Community Speakers: Jasmine Sears and Israel Vaughn

    Date: 
    Friday, March 13, 2015 - 12:00pm - 1:00pm
    Location: 
    Meinel 408
    Description: 

    Ph.D. student Israel Vaughn will present "Bandwidth in Modulated Mueller Polarimeters." Ph.D. student Jasmine Sears will present "Elemental Composition Analysis of Self-Assembled Indium Islands."

    Abstract(s): 

    "Bandwidth in Modulated Mueller Polarimeters": Imaging polarimeters have been largely used for remote sensing tasks, and most imaging polarimeters are division-of-time or division-of-space Stokes polarimeters. Imaging Mueller matrix polarimeters, which can take data quickly enough to be useful for remote sensing tasks, have just begun to be constructed. Vaughn's group has constructed a full Mueller matrix polarimeter utilizing a hybrid modulation approach (modulated in both time and space) based on a micropolarizer-array camera and rotating retarders.
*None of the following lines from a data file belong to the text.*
(* Substituting -X for Y gives a word in X, -X, whose nested commutator vanishes;
   each substitution costs |X + Y|_F. *)
Lemma hsnorm_lnc_word (X Y : M) (K : R) (s : seq M) :
  opnorm X <= K -> opnorm Y <= K -> {in s, forall z, (z == X) || (z == Y)} ->
  (1 < size s)%N ->
  hsnorm (lnc s) <= (size s)%:R * (2 * K) ^+ (size s).-1 * hsnorm (X + Y).
Proof.
move=> KX KY s_XY s_gt1.
pose f z := if z == X then X else - X.
have fs0 : lnc (map f s) = 0.
  rewrite lnc_eq0 ?size_map // => _ _ /mapP [x _ ->] /mapP [y _ ->].
  by rewrite /f /comm; case: ifP; case: ifP; rewrite ?(mulmxN, mulNmx) subrr.
rewrite -[lnc s]subr0 -fs0; apply: hsnorm_lnc_sub_map => [|z|z|z].
- exact: le_trans (opnorm_ge0 X) KX.
- by move=> /s_XY /orP [] /eqP ->.
- by move=> _; rewrite /f; case: ifP; rewrite ?opnormN.
- rewrite /f; case: ifP => [/eqP -> _|zX /s_XY]; first by rewrite subrr hsnorm0 hsnorm_ge0.
  by rewrite zX /= => /eqP ->; rewrite opprK addrC.
Qed.

End NestedCommutators.

Section Multinomial.
Variable R : numFieldType.

Definition texp (r : nat) : {poly R} := \sum_(a < r.+1) (a`!%:R)^-1 *: 'X^a.

Lemma natr_fact_neq0 k : (k`!%:R : R) != 0.
Proof. by rewrite pnatr_eq0 -lt0n fact_gt0. Qed.

Lemma coef_texp r k : (k <= r)%N -> (texp r)`_k = (k`!%:R)^-1.
Proof. by move=> le_kr; rewrite coef_sumMXn (big_pred1 (Ordinal (le_kr : k < r.+1)%N)). Qed.

Lemma coef_texpX r m k : (k <= r)%N -> (texp r ^+ m)`_k = m%:R ^+ k / k`!%:R.
Proof.
elim: m k => [|m IH] k le_kr.
  by rewrite expr0 coef1 expr0n; case: k {le_kr} => [|k]; rewrite ?fact0 ?invr1 ?mulr1 ?mul0r.
rewrite exprSr coefM -[m.+1]add1n natrD exprDn mulr_suml; apply: eq_bigr => -[j /= lt_jk] _.
have le_jk : (j <= k)%N by [].
rewrite IH ?(leq_trans le_jk) // coef_texp ?(leq_trans (leq_subr _ _)) //.
rewrite -(bin_fact le_jk) !natrM expr1n mul1r -mulr_natr.
by field; rewrite !natr_fact_neq0 pnatr_eq0 -lt0n bin_gt0.
Qed.
(* For distinct sets $X,Y\in\mathcal{X}_2$, the inclusion $X\subset Y$ holds if and only if $X\subseteq1+4\mathbb{N}_0$ and $i(Y)<i(X)$.
   Context: $\mathbb{N}=\{1,2,\dots\}$, $\mathbb{N}_0=\{0\}\cup\mathbb{N}$, $x^{\mathbb{N}}=\{x^k:k\in\mathbb{N}\}$. $\mathcal{X}_2=\{\overline{a^{\mathbb{N}}}:a\in\mathbb{N}\setminus2\mathbb{N},\ a\ne1\}$, closures taken in the $2$-adic topology on $\mathbb{N}\setminus2\mathbb{N}$ (generated by the sets $x+2^m\mathbb{N}_0$). $\mathbb{Z}_{2^m}^\times$ is the unit group of $\mathbb{Z}/2^m\mathbb{Z}$, $\pi_m:\mathbb{N}\to\mathbb{Z}/2^m\mathbb{Z}$, $x\mapsto x+2^m\mathbb{Z}$. For $X\in\mathcal{X}_2$, $n(X)=\min\{m\in\mathbb{N}:X=\pi_m^{-1}(\pi_m(X)),\ |\pi_m(X)|\ge3\}$ and $i(X)$ is the index of the subgroup $\pi_{n(X)}(X)$ in $\mathbb{Z}_{2^{n(X)}}^\times$. *)

From mathcomp Require Import all_boot all_order all_algebra all_fingroup all_solvable.
From mathcomp Require Import boolp.
From Stdlib Require Import ClassicalEpsilon.

Set Implicit Arguments.
Unset Strict Implicit.
Unset Printing Implicit Defensive.

(* Closure of S in the 2-adic topology on N \ 2N, generated by the sets
   x + 2^m N_0 (x odd): x is in the closure iff x is odd and every basic
   neighbourhood x + 2^m N_0 of x meets S. *)
Definition clos2 (S : nat -> Prop) (x : nat) : Prop :=
  odd x /\ forall m : nat, exists s, S s /\ exists k : nat, s = x + 2 ^ m * k.

Definition powset (a : nat) (s : nat) : Prop := exists k, 0 < k /\ s = a ^ k.

Definition inX2 (X : nat -> Prop) : Prop :=
  exists a : nat, odd a /\ a <> 1 /\ X = clos2 (powset a).

(* pi_m(X) as a subset of Z/2^mZ (used for m >= 1) *)
Definition piset (X : nat -> Prop) (m : nat) : {set 'Z_(2 ^ m)} :=
  [set r : 'Z_(2 ^ m) | `[< exists x, X x /\ inZp x = r >]].

Definition nprop (X : nat -> Prop) (m : nat) : Prop :=
  0 < m /\
  (forall y : nat, 0 < y -> (X y <-> exists x, X x /\ (inZp y : 'Z_(2 ^ m)) = inZp x)) /\
  3 <= #|piset X m|.

Definition nX (X : nat -> Prop) : nat :=
  epsilon (inhabits 0) (fun m => nprop X m /\ forall k, nprop X k -> m <= k).

Definition piunits (X : nat -> Prop) (n : nat) : {set {unit 'Z_(2 ^ n)}} :=
  [set u : {unit 'Z_(2 ^ n)} | val u \in piset X n].

Definition iX (X : nat -> Prop) : nat :=
  #| units_Zp (2 ^ nX X) : piunits X (nX X) |%g.

(* Write t = v2sq a for the 2-adic valuation of a^2 - 1 (t >= 3 for odd a <> 1).  Since
   (1 + 2^t w)^(2^d) = 1 + 2^(t+d) * odd, the powers of a^2 reach every class mod 2^m that
   is 1 mod 2^t, so the closure of a^N is {x : x = 1 or a (mod 2^t)}.  This set projects onto
   at most two classes mod 2^m for m <= t and onto four classes mod 2^(t+1), whence
   n(X) = t + 1 and i(X) = 2^(t-2).  If a = 1 (mod 4) the closure is 1 + 2^(t-1) N_0; if
   a = 3 (mod 4) its elements that are 1 mod 4 form 1 + 2^t N_0.  An inclusion X ⊆ Y thus
   compares the levels, and the only delicate case, a = b = 3 (mod 4), is settled by
   a = b (mod 2^s) => a^2 = b^2 (mod 2^(s+1)), which forces equal levels and X = Y. *)

From mathcomp Require Import all_boot all_order all_algebra all_fingroup all_solvable.
From mathcomp Require Import boolp zify ring.
From Stdlib Require Import ClassicalEpsilon.

Set Implicit Arguments.
Unset Strict Implicit.
Unset Printing Implicit Defensive.

Lemma eq_modn_dvd d m x y : d %| m -> x = y %[mod m] -> x = y %[mod d].
Proof. by move=> dm E; rewrite -(modn_dvdm x dm) E modn_dvdm. Qed.

Lemma eq_mod_pow2_le k t x y : k <= t -> x = y %[mod 2 ^ t] -> x = y %[mod 2 ^ k].
Proof. by move/(dvdn_exp2l 2); apply: eq_modn_dvd. Qed.

Lemma odd_eq_mod_pow2 t x y : 0 < t -> x = y %[mod 2 ^ t] -> odd x = odd y.
Proof. by move=> t0 /(eq_mod_pow2_le t0); rewrite !modn2 => /eqP; case: odd; case: odd. Qed.

Lemma modn_double x d : 0 < d -> x %% (2 * d) = x %% d + odd (x %/ d) * d.
Proof.
move=> d0; set q := x %/ d.
have Ex : x = q./2 * (2 * d) + (x %% d + odd q * d).
  by rewrite {1}(divn_eq x d) -/q -{1}(odd_double_half q) -mul2n; ring.
rewrite {1}Ex modnMDl modn_small //.
by have := ltn_pmod x d0; case: odd; lia.
Qed.

Lemma eq_mod_pow2S t x y :
  x = y %[mod 2 ^ t] -> x = y %[mod 2 ^ t.+1] \/ x = y + 2 ^ t %[mod 2 ^ t.+1].
Proof.
have P0 : 0 < 2 ^ t by rewrite expn_gt0.
rewrite expnS !modn_double // modnDr divnDr // divnn P0 addn1 oddS => ->.
by case: (odd (x %/ 2 ^ t)); case: (odd (y %/ 2 ^ t)); auto.
Qed.

Lemma pow2_mod_pow2S n u : odd u -> 2 ^ n * u = 2 ^ n %[mod 2 ^ n.+1].
Proof.
move=> ou; rewrite -[u]odd_double_half ou -mul2n mulnDr muln1 mulnA -expnSr.
by rewrite addnC [2 ^ n.+1 * _]mulnC modnMDl.
Qed.

Lemma neq_mod_add_pow2 t x : x != x + 2 ^ t %[mod 2 ^ t.+1].
Proof.
by rewrite -{1}[x]addn0 eqn_modDl mod0n modn_small ?ltn_exp2l // eq_sym -lt0n expn_gt0.
Qed.

Lemma pow2_le_of_mod1 j k :
  (forall x, x = 1 %[mod 2 ^ k] -> x = 1 %[mod 2 ^ j]) -> j <= k.
Proof.
move=> /(_ (2 ^ k + 1) (modnDl _ _)) /eqP.
by rewrite -[X in _ == X %[mod _]]add0n eqn_modDr mod0n -/(dvdn _ _) dvdn_Pexp2l.
Qed.

Lemma sqr_eq_mod_pow2S s a b :
  0 < s -> a = b %[mod 2 ^ s] -> a ^ 2 = b ^ 2 %[mod 2 ^ s.+1].
Proof.
move=> s0 /eq_mod_pow2S [] ab; first by rewrite -modnXm ab modnXm.
rewrite -modnXm ab modnXm; case: s s0 {ab} => // s _.
have -> : (b + 2 ^ s.+1) ^ 2 = b * 2 ^ s.+2 + 2 ^ s * 2 ^ s.+2 + b ^ 2.
  by rewrite !expnS; ring.
by rewrite -mulnDl modnMDl.
Qed.

Lemma expn_mod_sqr1 a d j : a ^ 2 = 1 %[mod d] -> a ^ j = 1 %[mod d] \/ a ^ j = a %[mod d].
Proof.
move=> a2; rewrite -(odd_double_half j) expnD -mul2n expnM -modnMmr -modnXm a2.
by rewrite modnXm exp1n modnMmr muln1; case: odd; [right | left].
Qed.

Lemma sqr_1_add_pow2 s w : (1 + 2 ^ s.+1 * w) ^ 2 = 1 + 2 ^ s.+2 * (w + 2 ^ s * w ^ 2).
Proof. by rewrite !expnS; ring. Qed.

Lemma expn2X_1_add_pow2 t w d : 2 <= t -> odd w ->
  exists2 w', odd w' & (1 + 2 ^ t * w) ^ 2 ^ d = 1 + 2 ^ (t + d) * w'.
Proof.
case: t => // s s1 ow; elim: d => [|d [w' ow' IH]]; first by exists w; rewrite ?addn0.
exists (w' + 2 ^ (s + d) * w' ^ 2).
  by rewrite oddD ow' oddM oddX addn_eq0; case: s s1 {IH}.
by rewrite [2 ^ d.+1]expnSr expnM IH addnS addSn sqr_1_add_pow2.
Qed.

Lemma exists_mul_expn_mod_pow2 t w b y d : 2 <= t -> odd w -> odd b ->
  y = b %[mod 2 ^ t] -> exists k, b * (1 + 2 ^ t * w) ^ k = y %[mod 2 ^ (t + d)].
Proof.
move=> t2 ow ob yb; elim: d => [|d [k IH]]; first by exists 0; rewrite muln1 addn0.
have [w' ow' cX] := expn2X_1_add_pow2 d t2 ow.
have oc : odd (1 + 2 ^ t * w) by rewrite oddD oddM oddX; case: t t2 {yb IH cX}.
case: (eq_mod_pow2S (esym IH)) => Hy; first by exists k; rewrite addnS.
(* Off by 2^(t+d): multiplying by c^(2^d) = 1 + 2^(t+d) * odd adds exactly that. *)
exists (k + 2 ^ d); rewrite addnS Hy expnD cX mulnA mulnDr muln1 mulnCA.
by rewrite -modnDmr pow2_mod_pow2S ?modnDmr // !oddM ob oddX oc ow' orbT.
Qed.

Definition v2sq (a : nat) : nat := logn 2 (a ^ 2 - 1).

Lemma logn2_mod4_2 n : n = 2 %[mod 4] -> logn 2 n = 1.
Proof.
move=> n4; have [k ->] : exists k, n = 2 * (2 * k + 1) by exists (n %/ 4); lia.
by rewrite lognM ?addn1 // logn_prime // logn_coprime // coprime2n oddS oddM.
Qed.

Lemma odd_mod4 a : odd a -> a = 1 %[mod 4] \/ a = 3 %[mod 4].
Proof. by move=> oa; have := modn2 a; rewrite oa; lia. Qed.

Section Valuation.

Variable a : nat.
Hypotheses (oa : odd a) (a_gt1 : 1 < a).

Lemma v2sqE : v2sq a = logn 2 a.-1 + logn 2 a.+1.
Proof. by rewrite /v2sq -[X in _ - X](exp1n 2) subn_sqr lognM ?subn1 ?addn1 //; lia. Qed.

Lemma v2sq_mod4_1 : a = 1 %[mod 4] -> v2sq a = (logn 2 a.-1).+1.
Proof. by move=> a4; rewrite v2sqE (@logn2_mod4_2 a.+1) ?addn1 //; lia. Qed.

Lemma v2sq_mod4_3 : a = 3 %[mod 4] -> v2sq a = (logn 2 a.+1).+1.
Proof. by move=> a4; rewrite v2sqE (@logn2_mod4_2 a.-1) //; lia. Qed.

Lemma v2sq_gt2 : 2 < v2sq a.
Proof.
have ge2 n : 0 < n -> n = 0 %[mod 4] -> 2 <= logn 2 n.
  by move=> n0 n4; rewrite -pfactor_dvdn //; apply/eqP; rewrite n4.
by case: (odd_mod4 oa) => a4; [rewrite v2sq_mod4_1 | rewrite v2sq_mod4_3] => //;
  rewrite ltnS ge2 //; lia.
Qed.

Lemma sqr_v2sq : exists2 w, odd w & a ^ 2 = 1 + 2 ^ v2sq a * w.
Proof.
have a2 : 0 < a ^ 2 - 1 by rewrite subn_gt0 -{1}(exp1n 2) ltn_exp2r.
have [w cw Ew] := pfactor_coprime (isT : prime 2) a2.
by exists w; [rewrite -coprime2n | rewrite mulnC -Ew subnKC // expn_gt0; lia].
Qed.

Lemma sqr_mod_v2sq : a ^ 2 = 1 %[mod 2 ^ v2sq a].
Proof. by have [w _ ->] := sqr_v2sq; rewrite addnC mulnC modnMDl. Qed.

Lemma sqr_neq1_mod_v2sq : a ^ 2 != 1 %[mod 2 ^ (v2sq a).+1].
Proof.
have [w ow ->] := sqr_v2sq.
by rewrite -modnDmr pow2_mod_pow2S ?modnDmr // eq_sym neq_mod_add_pow2.
Qed.

Lemma neq1_mod_v2sq : a != 1 %[mod 2 ^ v2sq a].
Proof.
apply: contraNN sqr_neq1_mod_v2sq => /eqP/(sqr_eq_mod_pow2S _) -> //.
by have := v2sq_gt2; lia.
Qed.

End Valuation.

Definition cong1a (a t x : nat) : Prop := x = 1 %[mod 2 ^ t] \/ x = a %[mod 2 ^ t].

Lemma cong1a_mod a t x y : x = y %[mod 2 ^ t] -> cong1a a t x <-> cong1a a t y.
Proof. by rewrite /cong1a => ->. Qed.

Lemma cong1a_eq_mod a b t : a = b %[mod 2 ^ t] -> cong1a a t = cong1a b t.
Proof. by rewrite /cong1a => ab; apply: funext => x; rewrite ab. Qed.

Lemma clos2_powset_sub a t x : a ^ 2 = 1 %[mod 2 ^ t] -> clos2 (powset a) x -> cong1a a t x.
Proof.
move=> a2 [_ /(_ t) [_ [[j [_ ->]] [k Ej]]]].
have xj : x = a ^ j %[mod 2 ^ t] by rewrite Ej addnC mulnC modnMDl.
by rewrite /cong1a xj; case: (expn_mod_sqr1 j a2) => ->; [left | right].
Qed.

Lemma cong1a_sub_clos2 a t w x : odd a -> 2 <= t -> odd w -> a ^ 2 = 1 + 2 ^ t * w ->
  cong1a a t x -> clos2 (powset a) x.
Proof.
move=> oa t2 ow a2 Hx.
have [j [j0 xj]] : exists j, 0 < j /\ x = a ^ j %[mod 2 ^ t].
  case: Hx => xa; [exists 2 | exists 1]; rewrite xa //.
  by rewrite a2 addnC mulnC modnMDl.
split.
  by rewrite (odd_eq_mod_pow2 _ xj) ?oddX ?oa ?orbT //; lia.
(* Lift x modulo 2^M with x < 2^M: the power found is then x plus a multiple of 2^M. *)
move=> m; pose M := t + (m + x).
have oaj : odd (a ^ j) by rewrite oddX oa orbT.
have [k] := exists_mul_expn_mod_pow2 (m + x) t2 ow oaj xj.
rewrite -/M -a2 -expnM -expnD; set s := a ^ _ => sx.
have xM : x < 2 ^ M.
  by apply: leq_trans (ltn_expl x (isT : 1 < 2)) _; rewrite leq_exp2l // /M; lia.
rewrite (modn_small xM) in sx.
exists s; split; first by exists (j + 2 * k); split => //; lia.
exists (s %/ 2 ^ M * 2 ^ (t + x)).
by rewrite {1}(divn_eq s (2 ^ M)) sx /M addnCA expnD; ring.
Qed.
They introduce a channel structure derived from the spatiotemporal modulation and optimize over control parameters to minimize channel crosstalk. They present an instrument utilizing this hybrid approach and illustrate issues with systematic errors induced from nonideal polarization elements.
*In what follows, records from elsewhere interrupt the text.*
Lemma lift_displacement_close x y : Rabs ((F y - y) - (F x - x)) <= 1.
Proof.
  set (k := Int_part (y - x)). pose proof (Int_part_bounds (y - x)) as Hk. fold k in Hk.
  assert (Ey : F y = F (y - IZR k) + IZR k)
    by (rewrite <- lift_shift_Z; f_equal; ring).
  assert (F x <= F (y - IZR k)) by (apply lift_le; lra).
  assert (F (y - IZR k) <= F x + 1)
    by (rewrite <- (lift_shift_Z 1); apply lift_le; simpl; lra).
  apply Rabs_le. lra.
Qed.

Lemma iterR_lift n : circle_homeo_lift (iterR n F).
Proof.
  destruct HF as [Hc [Hm Hp]].
  induction n as [|n [IHc [IHm IHp]]]; repeat split; simpl.
  - intros x. apply continuity_pt_id.
  - auto.
  - auto.
  - apply (continuity_comp (iterR n F) F); auto.
  - intros x y Hxy. apply Hm, IHm, Hxy.
  - intros x. rewrite IHp, Hp. reflexivity.
Qed.

End Lift.

Lemma iterR_shift_Z F n k x : circle_homeo_lift F ->
  iterR n F (x + IZR k) = iterR n F x + IZR k.
Proof. intros HF. apply lift_shift_Z, iterR_lift, HF. Qed.

Section RotationNumber.
Variable F : R -> R.
Hypothesis HF : circle_homeo_lift F.

Let mean n := (iterR n F 0 - 0) / INR n.

Lemma orbit0_add m n : Rabs (iterR (m + n) F 0 - iterR m F 0 - iterR n F 0) <= 1.
Proof.
  rewrite iterR_add.
  pose proof (lift_displacement_close _ (iterR_lift F HF m) 0 (iterR n F 0)) as H.
  rewrite !Rminus_0_r in H.
  replace (iterR m F (iterR n F 0) - iterR m F 0 - iterR n F 0)
    with (iterR m F (iterR n F 0) - iterR n F 0 - iterR m F 0) by ring.
  exact H.
Qed.

Lemma orbit0_mul k n : Rabs (iterR (k * n) F 0 - INR k * iterR n F 0) <= INR k.
Proof.
  induction k as [|k IH].
  - simpl. rewrite Rmult_0_l, Rminus_0_r, Rabs_R0. lra.
  - replace (S k * n)%nat with (n + k * n)%nat by lia. rewrite S_INR.
    pose proof (orbit0_add n (k * n)) as H.
    apply Rabs_le_between in H. apply Rabs_le_between in IH. apply Rabs_le. lra.
Qed.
    "Elemental Composition Analysis of Self-Assembled Indium Islands": Metallic nanostructures can act as optical antennas, interacting with near-visible light instead of long radio waves. E-beam lithography has been used to fabricate arrays of silver nano-antennas, but this process isn’t scalable and can be finicky. What if we could coax these nano-antennas into assembling themselves, instead? Using transmission electron microscopy and energy dispersive spectroscopy, Sears will examine the purity and structure of self-assembled indium islands to evaluate their potential as near-infrared antennas.